(* For every $\alpha\ge1$ there exist reals $0<v_1<\dots<v_n$ and a distribution $\mathcal{D}$ on $\{v_1,\dots,v_n\}$ with full support such that no buyer-optimal signaling scheme for $\mathcal{D}$ is $\alpha$-majorized.
   Context: Values and prior. $v_0:=0$, $f_{\mathcal{D}}$ is the mass function of $\mathcal{D}$, $F_{\mathcal{D}}$ its CDF, and $G_S(p)=\Pr_{v\sim S}[v\ge p]$. Signals and pricing. A signal is a distribution $S$ on $\{v_1,\dots,v_n\}$. The seller posts $p^*_S$, the smallest $v$ in the support of $S$ maximizing $v\,G_S(v)$. The surplus of value $v$ is $cs_v(S)=\mathbb{1}[v\ge p^*_S](v-p^*_S)$. Signaling schemes. A signaling scheme is $\mathcal{Z}=\{(S_q,\gamma_q)\}$ with $\gamma_q\ge0$, $\sum\gamma_q=1$ and $\sum_q\gamma_q f_{S_q}=f_{\mathcal{D}}$. Its expected consumer surplus at $v_i$ is $cs_{v_i}(\mathcal{Z})=\sum_q cs_{v_i}(S_q)\gamma_q f_{S_q}(v_i)/f_{\mathcal{D}}(v_i)$. $\mathcal{Z}$ is buyer-optimal if $\sum_i f_{\mathcal{D}}(v_i)cs_{v_i}(\mathcal{Z})=\sum_i f_{\mathcal{D}}(v_i)v_i-\max_p p\,G_{\mathcal{D}}(p)$. Majorization. The surplus-mass function $s_{\mathcal{Z}}$ on $(0,1]$ equals $cs_{v_i}(\mathcal{Z})$ on $(F_{\mathcal{D}}(v_{i-1}),F_{\mathcal{D}}(v_i)]$. For a finite step function $f$ on $(0,1]$, $\mathrm{Pf}(f,m)=\int_0^m f_{\mathrm{sorted}}$, where $f_{\mathrm{sorted}}$ rearranges the steps of $f$ in ascending order. $\mathcal{Z}$ is $\alpha$-majorized if $\alpha\,\mathrm{Pf}(s_{\mathcal{Z}},m)\ge\mathrm{Pf}(s_{\mathcal{Z}'},m)$ for every signaling scheme $\mathcal{Z}'$ for $\mathcal{D}$ and every $m\in(0,1]$. *)

From HB Require Import structures.
From mathcomp Require Import all_boot all_order all_algebra.
From mathcomp Require Import reals.
Set Implicit Arguments. Unset Strict Implicit. Unset Printing Implicit Defensive.
Import Order.TTheory GRing.Theory Num.Theory.
Local Open Scope ring_scope.
Lemma is_derive_scale (f : V -> R) (v : V) (s : R) :
  derivable f (s *: v) v -> is_derive s 1 (fun t => f (t *: v)) ('D_v f (s *: v)).
Proof.
move=> df; have := @is_derive_along_line f 0 v s; rewrite addr0 => /(_ df).
by under eq_fun do rewrite addr0.
Qed.

Lemma rV_entry_le_norm (w : V) k : `|w 0 k| <= `|w|.
Proof.
rewrite -[`|w|]/(mx_norm w) mx_normrE.
exact: (le_bigmax _ (fun ij : 'I_1 * 'I_m => `|w ij.1 ij.2|) (0, k)).
Qed.

Lemma rV_norm_le_entrywise (x w : V) :
  (forall k, `|x 0 k| <= `|w 0 k|) -> `|x| <= `|w|.
Proof.
move=> xw; rewrite -[`|x|]/(mx_norm x) mx_normrE.
apply: bigmax_le => [|[i j] _] /=; first exact: normr_ge0.
by rewrite (ord1 i); apply: le_trans (xw j) (rV_entry_le_norm _ _).
Qed.

Local Notation e i := (delta_mx 0 i : V).

Lemma partials_increment_le (f : V -> R) (x w : V) (eps : R) :
  (forall y v, derivable f y v) ->
  (forall y, `|y| <= `|w| -> forall i, `|'D_(e i) f x - 'D_(e i) f (y + x)| <= eps) ->
  `|f (w + x) - f x - \sum_i w 0 i * 'D_(e i) f x| <= m%:R * (`|w| * eps).
Proof.
move=> Df near_x.
(* A path from [0] to [w] along the coordinate axes. *)
pose z (k : nat) : V := \row_j (if (j < k)%N then w 0 j else 0).
have zS (k : 'I_m) : z k.+1 = w 0 k *: e k + z k.
  apply/rowP => j; rewrite !mxE /= ltnS leq_eqVlt.
  have [->|jk] := eqVneq j k; first by rewrite eqxx ltnn mulr1 addr0.
  by rewrite mulr0 add0r -[_ == _]/(j == k) (negbTE jk).
have telescope_z : f (w + x) - f x = \sum_(k < m) (f (z k.+1 + x) - f (z k + x)).
  rewrite -(big_mkord xpredT (fun k => f (z k.+1 + x) - f (z k + x))) telescope_sumr //.
  have -> : z m = w by apply/rowP => j; rewrite mxE ltn_ord.
  have -> : z 0%N = 0 by apply/rowP => j; rewrite !mxE.
  by rewrite add0r.
have step (k : 'I_m) :
    `|f (z k.+1 + x) - f (z k + x) - w 0 k * 'D_(e k) f x| <= `|w| * eps.
  have [c cw E] := @MVT_from0 _ _ _ (w 0 k)
    (fun s => is_derive_along_line f (z k + x) (e k) s (Df _ _)).
  rewrite /= scale0r add0r in E.
  rewrite zS -(addrA (_ *: _)) E mulrC -mulrBr normrM distrC.
  apply: ler_pM => //; first exact: rV_entry_le_norm.
  rewrite addrA; apply: near_x; apply: rV_norm_le_entrywise => j; rewrite !mxE /=.
  have [->|jk] := eqVneq j k; last first.
    by rewrite mulr0 add0r; case: ifP; rewrite ?normr0.
  by rewrite ltnn mulr1 addr0.
rewrite telescope_z -sumrB; apply: le_trans (ler_norm_sum _ _ _) _.
by apply: le_trans (ler_sum _ (fun k _ => step k)) _; rewrite sumr_const card_ord mulr_natl.
Qed.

* * *

**WHAT YOU NEED TO DO:**
Your task is to transcribe all of the entries word for word.

**THE COMPLETED TASK:**
(* For every $\alpha\ge1$ there exist reals $0<v_1<\dots<v_n$ and a distribution $\mathcal{D}$ on $\{v_1,\dots,v_n\}$ with full support such that no buyer-optimal signaling scheme for $\mathcal{D}$ is $\alpha$-majorized.
   Context: Values and prior. $v_0:=0$, $f_{\mathcal{D}}$ is the mass function of $\mathcal{D}$, $F_{\mathcal{D}}$ its CDF, and $G_S(p)=\Pr_{v\sim S}[v\ge p]$. Signals and pricing. A signal is a distribution $S$ on $\{v_1,\dots,v_n\}$. The seller posts $p^*_S$, the smallest $v$ in the support of $S$ maximizing $v\,G_S(v)$. The surplus of value $v$ is $cs_v(S)=\mathbb{1}[v\ge p^*_S](v-p^*_S)$. Signaling schemes. A signaling scheme is $\mathcal{Z}=\{(S_q,\gamma_q)\}$ with $\gamma_q\ge0$, $\sum\gamma_q=1$ and $\sum_q\gamma_q f_{S_q}=f_{\mathcal{D}}$. Its expected consumer surplus at $v_i$ is $cs_{v_i}(\mathcal{Z})=\sum_q cs_{v_i}(S_q)\gamma_q f_{S_q}(v_i)/f_{\mathcal{D}}(v_i)$. $\mathcal{Z}$ is buyer-optimal if $\sum_i f_{\mathcal{D}}(v_i)cs_{v_i}(\mathcal{Z})=\sum_i f_{\mathcal{D}}(v_i)v_i-\max_p p\,G_{\mathcal{D}}(p)$. Majorization. The surplus-mass function $s_{\mathcal{Z}}$ on $(0,1]$ equals $cs_{v_i}(\mathcal{Z})$ on $(F_{\mathcal{D}}(v_{i-1}),F_{\mathcal{D}}(v_i)]$. For a finite step function $f$ on $(0,1]$, $\mathrm{Pf}(f,m)=\int_0^m f_{\mathrm{sorted}}$, where $f_{\mathrm{sorted}}$ rearranges the steps of $f$ in ascending order. $\mathcal{Z}$ is $\alpha$-majorized if $\alpha\,\mathrm{Pf}(s_{\mathcal{Z}},m)\ge\mathrm{Pf}(s_{\mathcal{Z}'},m)$ for every signaling scheme $\mathcal{Z}'$ for $\mathcal{D}$ and every $m\in(0,1]$. *)

From HB Require Import structures.
From mathcomp Require Import all_boot all_order all_algebra.
From mathcomp Require Import reals.
Set Implicit Arguments. Unset Strict Implicit. Unset Printing Implicit Defensive.
Import Order.TTheory GRing.Theory Num.Theory.
Local Open Scope ring_scope.
Lemma is_derive_scale (f : V -> R) (v : V) (s : R) :
  derivable f (s *: v) v -> is_derive s 1 (fun t => f (t *: v)) ('D_v f (s *: v)).
Proof.
move=> df; have := @is_derive_along_line f 0 v s; rewrite addr0 => /(_ df).
by under eq_fun do rewrite addr0.
Qed.

Lemma rV_entry_le_norm (w : V) k : `|w 0 k| <= `|w|.
Proof.
rewrite -[`|w|]/(mx_norm w) mx_normrE.
exact: (le_bigmax _ (fun ij : 'I_1 * 'I_m => `|w ij.1 ij.2|) (0, k)).
Qed.

Lemma rV_norm_le_entrywise (x w : V) :
  (forall k, `|x 0 k| <= `|w 0 k|) -> `|x| <= `|w|.
Proof.
move=> xw; rewrite -[`|x|]/(mx_norm x) mx_normrE.
apply: bigmax_le => [|[i j] _] /=; first exact: normr_ge0.
by rewrite (ord1 i); apply: le_trans (xw j) (rV_entry_le_norm _ _).
Qed.

Local Notation e i := (delta_mx 0 i : V).

Lemma partials_increment_le (f : V -> R) (x w : V) (eps : R) :
  (forall y v, derivable f y v) ->
  (forall y, `|y| <= `|w| -> forall i, `|'D_(e i) f x - 'D_(e i) f (y + x)| <= eps) ->
  `|f (w + x) - f x - \sum_i w 0 i * 'D_(e i) f x| <= m%:R * (`|w| * eps).
Proof.
move=> Df near_x.
(* A path from [0] to [w] along the coordinate axes. *)
pose z (k : nat) : V := \row_j (if (j < k)%N then w 0 j else 0).
have zS (k : 'I_m) : z k.+1 = w 0 k *: e k + z k.
  apply/rowP => j; rewrite !mxE /= ltnS leq_eqVlt.
  have [->|jk] := eqVneq j k; first by rewrite eqxx ltnn mulr1 addr0.
  by rewrite mulr0 add0r -[_ == _]/(j == k) (negbTE jk).
have telescope_z : f (w + x) - f x = \sum_(k < m) (f (z k.+1 + x) - f (z k + x)).
  rewrite -(big_mkord xpredT (fun k => f (z k.+1 + x) - f (z k + x))) telescope_sumr //.
  have -> : z m = w by apply/rowP => j; rewrite mxE ltn_ord.
  have -> : z 0%N = 0 by apply/rowP => j; rewrite !mxE.
  by rewrite add0r.
have step (k : 'I_m) :
    `|f (z k.+1 + x) - f (z k + x) - w 0 k * 'D_(e k) f x| <= `|w| * eps.
  have [c cw E] := @MVT_from0 _ _ _ (w 0 k)
    (fun s => is_derive_along_line f (z k + x) (e k) s (Df _ _)).
  rewrite /= scale0r add0r in E.
  rewrite zS -(addrA (_ *: _)) E mulrC -mulrBr normrM distrC.
  apply: ler_pM => //; first exact: rV_entry_le_norm.
  rewrite addrA; apply: near_x; apply: rV_norm_le_entrywise => j; rewrite !mxE /=.
  have [->|jk] := eqVneq j k; last first.
    by rewrite mulr0 add0r; case: ifP; rewrite ?normr0.
  by rewrite ltnn mulr1 addr0.
rewrite telescope_z -sumrB; apply: le_trans (ler_norm_sum _ _ _) _.
by apply: le_trans (ler_sum _ (fun k _ => step k)) _; rewrite sumr_const card_ord mulr_natl.
Qed.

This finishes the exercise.